Q1 2023 Financial and Recent Highlights
- Revenue for the first quarter of fiscal 2023 was $19.9 million, an increase of 28% compared to the first quarter of fiscal 2022, driven primarily by the Company’s international and U.S. forage operations.
- GAAP gross profit margin for the first quarter of fiscal 2023 was 22.7%, an improvement of 260 basis points compared to the first quarter of 2022, reflective of the Company’s execution on its gross margin expansion initiatives.
- Operating expenses decreased by $1.0 million for the first quarter of fiscal 2023 to $7.9 million compared to the first quarter of fiscal 2022, as the Company worked to align its cost structure to support its key centers of value.
- GAAP net loss was $(4.5) million, or $(0.11) per basic and diluted share for the first quarter of fiscal 2023, compared to GAAP net loss of $(6.4) million, or $(0.17) per basic and diluted share for the first quarter of fiscal 2022.
- Adjusted EBITDA (see Table B) improved by $2.4 million to $(1.6) million for the first quarter of fiscal 2023, compared to the first quarter of fiscal 2022, primarily driven by revenue growth, gross margin expansion, and cost structure alignment.
- S&W is reiterating its fiscal year 2023 revenue and adjusted EBITDA guidance.
- Extended and increased credit facilities with National Australia Bank Limited to a combined maximum of AUD $49 million (approximately USD $31.8 million as of September 30, 2022), an increase of AUD $9 million (approximately USD $5.8 million as of September 30, 2022).
- Increased U.S. based credit facility with CIBC to $21 million, up from $18 million, with support of MFP Partners, L.P., the Company’s largest shareholder, who provided an amended letter of credit for the benefit of CIBC with a face amount increased from $9 million to $12 million.
“For fiscal year 2023, we are focused on commercial execution as we begin to leverage all the hard work and investment of the past few years and work towards our goal of achieving profitability. We believe the results of the first quarter, including 28% revenue growth, expanded gross margins, reduced operating costs, and improved adjusted EBITDA, put us on the path to achieve the goals set forth for fiscal 2023,” commented Mark Wong, CEO of S&W Seed Company.
“As we progress through and beyond fiscal 2023, we plan to remain intensely focused on the four key centers of value, including our Sorghum Technology operations, led by Double Team™, a next generation non-GMO herbicide tolerant sorghum solution; our international forage operations which primarily operate out of Australia and provide products around the world; our U.S. forage operations; and our Specialty Crops, which includes our focus on camelina biofuel applications and stevia. We believe each of these centers represents a potentially unique opportunity for S&W to drive value for shareholders. I am pleased with the progress made during the quarter and look forward to the continuation of these trends in the future.”
Total revenue for the first quarter of fiscal 2023 was $19.9 million, compared to total revenue for the first quarter of fiscal 2022 of $15.5 million. The $4.4 million increase in revenue for the three months ended September 30, 2022 was primarily driven by the increase in product revenue from alfalfa sales to the Middle East North Africa, or MENA, region of $5.0 million, a $1.5 million increase in North America alfalfa and sorghum sales, partially offset by a decrease of $0.9 million Australia pasture product revenue, a decrease of $0.7 million United States service revenue and a decrease in pasture and alfalfa sales to South Africa of $0.3 million.
GAAP gross margins for the first quarter of fiscal 2023 were 22.7% compared to GAAP gross margins of 20.1% in the first quarter of fiscal 2022. Adjusted gross margins, excluding the impact of inventory write-downs (see Table A1), were 25.4% in the first quarter of fiscal 2023 compared to 22.1% in the first quarter of fiscal 2022.

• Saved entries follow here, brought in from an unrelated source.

(* Let $\sigma$ be a finite Borel measure on $(-\pi,\pi)$ with $\sigma\perp\lambda$, and let $\sigma^\#=\sigma((-\pi,\pi))\,\delta_0$ be its symmetrization. Then $u_\sigma^\star(t)\le u_{\sigma^\#}^\star(t)$ for all $t\in[0,2\pi]$.
   Context: $\lambda$ is Lebesgue measure; $\delta_0$ the unit Dirac mass at $0$. $G(x,y)=-\frac{xy}{2\pi}-\frac12|x-y|+\frac{\pi}{2}$ on $[-\pi,\pi]^2$, $u_\mu(x)=\int G(x,y)\,d\mu(y)$. For $g\in L^1[-\pi,\pi]$, the star function is $g^\star(t)=\sup\{\int_E g\,d\lambda: E\subset[-\pi,\pi]\text{ Borel},\ \lambda(E)=t\}$ for $t\in[0,2\pi]$. *)

From HB Require Import structures.
From mathcomp Require Import all_boot all_order all_algebra.
From mathcomp Require Import all_classical all_reals all_analysis.
Set Implicit Arguments. Unset Strict Implicit. Unset Printing Implicit Defensive.
Import Order.TTheory GRing.Theory Num.Theory.
Local Open Scope classical_set_scope.
Local Open Scope ring_scope.

Definition G {R : realType} (x y : R) : R :=
  - (x * y) / (2 * pi) - `|x - y| / 2 + pi / 2.

Definition upot {R : realType}
  (mu : {measure set (measurableTypeR R) -> \bar R}) (x : R) : \bar R :=
  (\int[mu]_(y in `](- pi)%R, (pi : R)[) (G x y)%:E)%E.
Lemma shanks_termS n k : (k <= n)%N ->
  shanks_term n.+1 k - shanks_term n k = shanks_corr n k.+1 - shanks_corr n k.
Proof.
move=> le_kn; rewrite /shanks_term /shanks_corr (@prod_1subXSr k.+1 n.+1) //.
rewrite (@prod_1subXSl k n.+1) //.
set e := (n * k + 'C(k, 2))%N.
have -> : (n.+1 * k + 'C(k.+1, 2) = e + k + k)%N by rewrite /e binS bin1; lia.
have -> : (n * k + 'C(k.+1, 2) = e + k)%N by rewrite /e binS bin1; lia.
have -> : (n.+1 * k.+1 + 'C(k.+1, 2) = e + k + k + n.+1)%N by rewrite /e binS bin1; lia.
have -> : (n.+1 * k + 'C(k, 2) = e + k)%N by rewrite /e; lia.
by rewrite !exprD !exprS; ring.
Qed.

Lemma shanks_sumS n :
  shanks_sum n.+1 = shanks_sum n + pent_monomial n.+1%:Z + pent_monomial (- n.+1%:Z).
Proof.
rewrite /shanks_sum big_ord_recr /=.
have -> : \sum_(k < n.+1) shanks_term n.+1 k
    = \sum_(k < n.+1) shanks_term n k + \sum_(k < n.+1) (shanks_corr n k.+1 - shanks_corr n k).
  rewrite -big_split /=; apply: eq_bigr => k _.
  by rewrite -(@shanks_termS n k (ltn_ord k)) addrC subrK.
rewrite -(big_mkord xpredT (fun k => shanks_corr n k.+1 - shanks_corr n k)).
rewrite telescope_sumr // shanks_corr0 subr0 /pent_monomial pent_pos pent_neg abszN /=.
by rewrite /shanks_term /shanks_corr !prod_1subX_id !mulr1.
Qed.

Lemma shanks_identity n : shanks_sum n = pentagonal_poly n.
Proof.
elim: n => [|n IHn]; last by rewrite shanks_sumS pentagonal_polyS IHn.
rewrite /shanks_sum /pentagonal_poly !big_ord1 /shanks_term /pent_monomial prod_1subX_id /=.
by rewrite div0n muln0 mulr1.
Qed.

Lemma coef_prod_1subX N i : (i <= N)%N -> (prod_1subX 1 N.+1)`_i = dpent i%:Z.
Proof.
move=> le_iN; rewrite -(coef_pentagonal_poly le_iN) -shanks_identity.
rewrite /shanks_sum big_ord_recl coefD coef_sum big1 ?addr0.
  by rewrite /shanks_term muln0 add0n expr0 !mul1r.
move=> k _; rewrite /shanks_term [_ * 'X^_]mulrC -mulrA coefXnM ifT //.
by apply: leq_ltn_trans le_iN _; rewrite lift0 binS bin1; nia.
Qed.
(* If b is reached no later than a, the layers of X and a |: X agree up to
   that point, so b was already a candidate at X and a was preferred to it. *)
Lemma lex_key_choose_step t (X Y : {set T}) a b : X \in F -> Y \in F -> X \subset Y ->
  source F X = Some t -> source F (a |: X) = Some t ->
  choose' F X Y = Some a -> b \in plus F (a |: X) Y ->
  lex_key F X a <= lex_key F (a |: X) b.
Proof.
move=> FX FY sXY srcX srcaX chooseA bP.
have [tX Ft _] := source_spec srcX.
have [aP amin] := choose_spec chooseA.
move: (aP) (bP); rewrite !in_plus => /and3P [aX _ _] /and3P [+ bY _].
rewrite in_setU1 negb_or => /andP [_ bX].
have neq_at : a != t by apply: contraNneq aX => ->.
have neq_bt : b != t by apply: contraNneq bX => ->.
rewrite /lex_key /layX srcX srcaX.
set L := lay F t X a; set m := lay F t (a |: X) b.
have Ln : L <= n.+1 := lay_addable FX tX Ft aP.
have [Lm|mL] := ltnP L m.
  exact/ltnW/ltn_radix.
have m0 : 0 < m := lay_gt0 _ neq_bt.
have bm := lay_reached neq_bt (leq_trans mL Ln); rewrite -/m in bm.
rewrite (@layerB_setU1_unreached _ _ _ L.-1) in bm; first last.
- by rewrite -!subn1 leq_sub2r.
- by move=> k lt; apply: (lay_unreached neq_at (k := k.+1)); rewrite -ltn_predRL.
have [FB sBX tB] := layerB_props FX tX Ft m.-1.
have bXY : b \in plus F X Y.
  move: bm; rewrite !in_plus bX bY in_setT /= => /andP [bB FbB].
  by apply: (addable_superset sBX sXY) => //; apply/set0Pn; exists t.
have := amin b bXY; rewrite lex_leE /lex_key /layX srcX => /leq_trans; apply.
by rewrite leq_add2r leq_mul2r (lay_le neq_bt _ bm) ?orbT // m0 (leq_trans mL Ln).
Qed.

Section CanonicalKeys.
Variables (S : {set T}) (s : T).
Hypotheses (FS : S \in F) (sourceS : source F S = Some s).
Local Notation c := (canon F S).
Local Notation Pre := (Defs.prefix F S).

Lemma canon_key_chain i k b : 0 < i < k -> k <= size c -> b \in plus F (Pre k) S ->
  lex_key F (Pre i) (nth s c i) <= lex_key F (Pre k) b.
Proof.
case/andP=> i0; elim: k b => // k IH b ik kc.
have k0 : 0 < k := leq_trans i0 ik.
have ck : 0 < k < size c by rewrite k0 kc.
have chooseK := choose_canon sourceS ck.
have srcK : source F (nth s c k |: Pre k) = Some s.
  by rewrite -(prefixS s kc) (source_prefix sourceS (ltn0Sn k)).
rewrite (prefixS s kc) => bP.
have FPk : Pre k \in F by apply: (prefix_in sourceS); rewrite k0 ltnW.
have step := lex_key_choose_step FPk FS (prefix_sub sourceS k)
  (source_prefix sourceS k0) srcK chooseK bP.
move: ik; rewrite ltnS leq_eqVlt => /orP [/eqP -> //|ik].
exact: leq_trans (IH _ ik (ltnW kc) (choose_spec chooseK).1) step.
Qed.

Section AboveCompletion.
Variable j : nat.
Hypotheses (jc : j <= size c) (completeS : complete' F (Pre j) setT = S).
Lemma generator_free t (c : 'I_n + 'I_n -> F) :
  boundaries D' b' t
    (\sum_(J in essential | t \in generator_bar J) c J *: (Fm *m generator J)) ->
  forall J, J \in essential -> t \in generator_bar J -> c J = 0.
Proof.
move=> [w [w_t sumE]] J J_ess J_t.
have /inFiltP u_t := inFilt_mulmx_utri b'_mono (utri_invmx utVphi uVphi) w_t.
have sum_gen : \sum_(J in essential | t \in generator_bar J) c J *: generator J
    = \sum_(j | (b' j <= t)%N) (invmx Vphi *m w) j 0 *: col j Rphi.
  transitivity (Rphi *m (invmx Vphi *m w)).
    rewrite -[LHS](mulKmx uFm) mulmx_sumr; under eq_bigr do rewrite -scalemxAr.
    by rewrite sumE mulmxA invFm_D' -!mulmxA mulKVmx.
  rewrite mulmx_sum_col (bigID (fun j => (b' j <= t)%N)) /=.
  by rewrite [X in _ + X]big1 ?addr0 // => j; rewrite -ltnNge => /u_t ->; rewrite scale0r.
apply: (piv_free2 _ _ _ sum_gen); last 2 first.
- by rewrite J_ess.
- exact: generator_neq0.
- by move=> J1 J2 /andP[J1_ess _] /andP[J2_ess _] _ _; apply: generator_piv_inj.
- by move=> j1 j2 _ _; apply: reduced_piv_inj.
move=> [j'|i] j /andP[]; rewrite inE /= => J'_ess J'_t bj _ Rj; apply/eqP => pivE.
  case/andP: J'_ess => Rj' _; move: J'_t.
  rewrite (reduced_piv_inj redRphi Rj' Rj pivE) in_setD !inE.
  by rewrite inFilt_col_utri ?bj // utri_diag_neq0.
case/andP: J'_ess => _ /negP[]; apply: (mem_pivs Rj).
by rewrite -pivE piv_col_utri // utri_diag_neq0.
Qed.

Lemma im_homology_has_barcode_generators :
  im_homology_has_barcode D D' Fm b b' (image generator_bar essential).
Proof.
apply: subquot_has_barcode_image.
- exact: boundaries0.
- by move=> J _; apply: generator_bar_interval.
- exact: generator_rep.
- exact: generator_free.
- exact: generator_span.
- exact: generator_exit.
Qed.

End ImageBarcode.

Theorem theorem3p6 (F : fieldType) (N n : nat)
  (D D' Fm V Vphi : 'M[F]_n) (deg deg' : 'I_n -> int)
  (b b' : 'I_n -> 'I_N.+1) :
  filt_chain_complex D deg b ->
  filt_chain_complex D' deg' b' ->
  filt_chain_map D D' Fm deg deg' b b' ->
  Fm \in unitmx ->
  V \in unitmx -> upper_triangular V ->
  Vphi \in unitmx -> upper_triangular Vphi ->
  let Dphi := D *m invmx Fm in
  let R := D *m V in
  let Rphi := Dphi *m Vphi in
  reduced R -> reduced Rphi ->
  im_homology_has_barcode D D' Fm b b'
    ([seq supp b (col j Rphi) :\: supp b' (col j Vphi) |
        j <- enum 'I_n & (col j Rphi != 0)
                         && (supp b (col j Rphi) :\: supp b' (col j Vphi) != set0)]
     ++ [seq supp b (col i V) |
        i <- enum 'I_n & (col i R == 0) && (i \notin pivs Rphi)]).
Proof.
move=> [DD _ _ b_mono] [_ _ _ b'_mono] [FmD _ _] uFm uV utV uVphi utVphi.
move=> Dphi R Rphi redR redRphi; rewrite -image_generator_bar.
exact: im_homology_has_barcode_generators.
Qed.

GAAP operating expenses for the first quarter of fiscal 2023 were $7.9 million, compared to $8.9 million in the first quarter of fiscal 2022. The $1.0 million decrease in operating expenses for the first quarter of fiscal 2023 can primarily be attributed to a $0.5 million decrease in selling, general and administrative expenses and a $0.5 million decrease in research and development. The decrease is a result of the Company’s focus on aligning its cost structure to support its key centers of value.
GAAP net loss for the first quarter of fiscal 2023 was $(4.6) million, or $(0.11) per basic and diluted share, compared to GAAP net loss of $(6.4) million, or $(0.17) per basic and diluted share, in the first quarter of fiscal 2022.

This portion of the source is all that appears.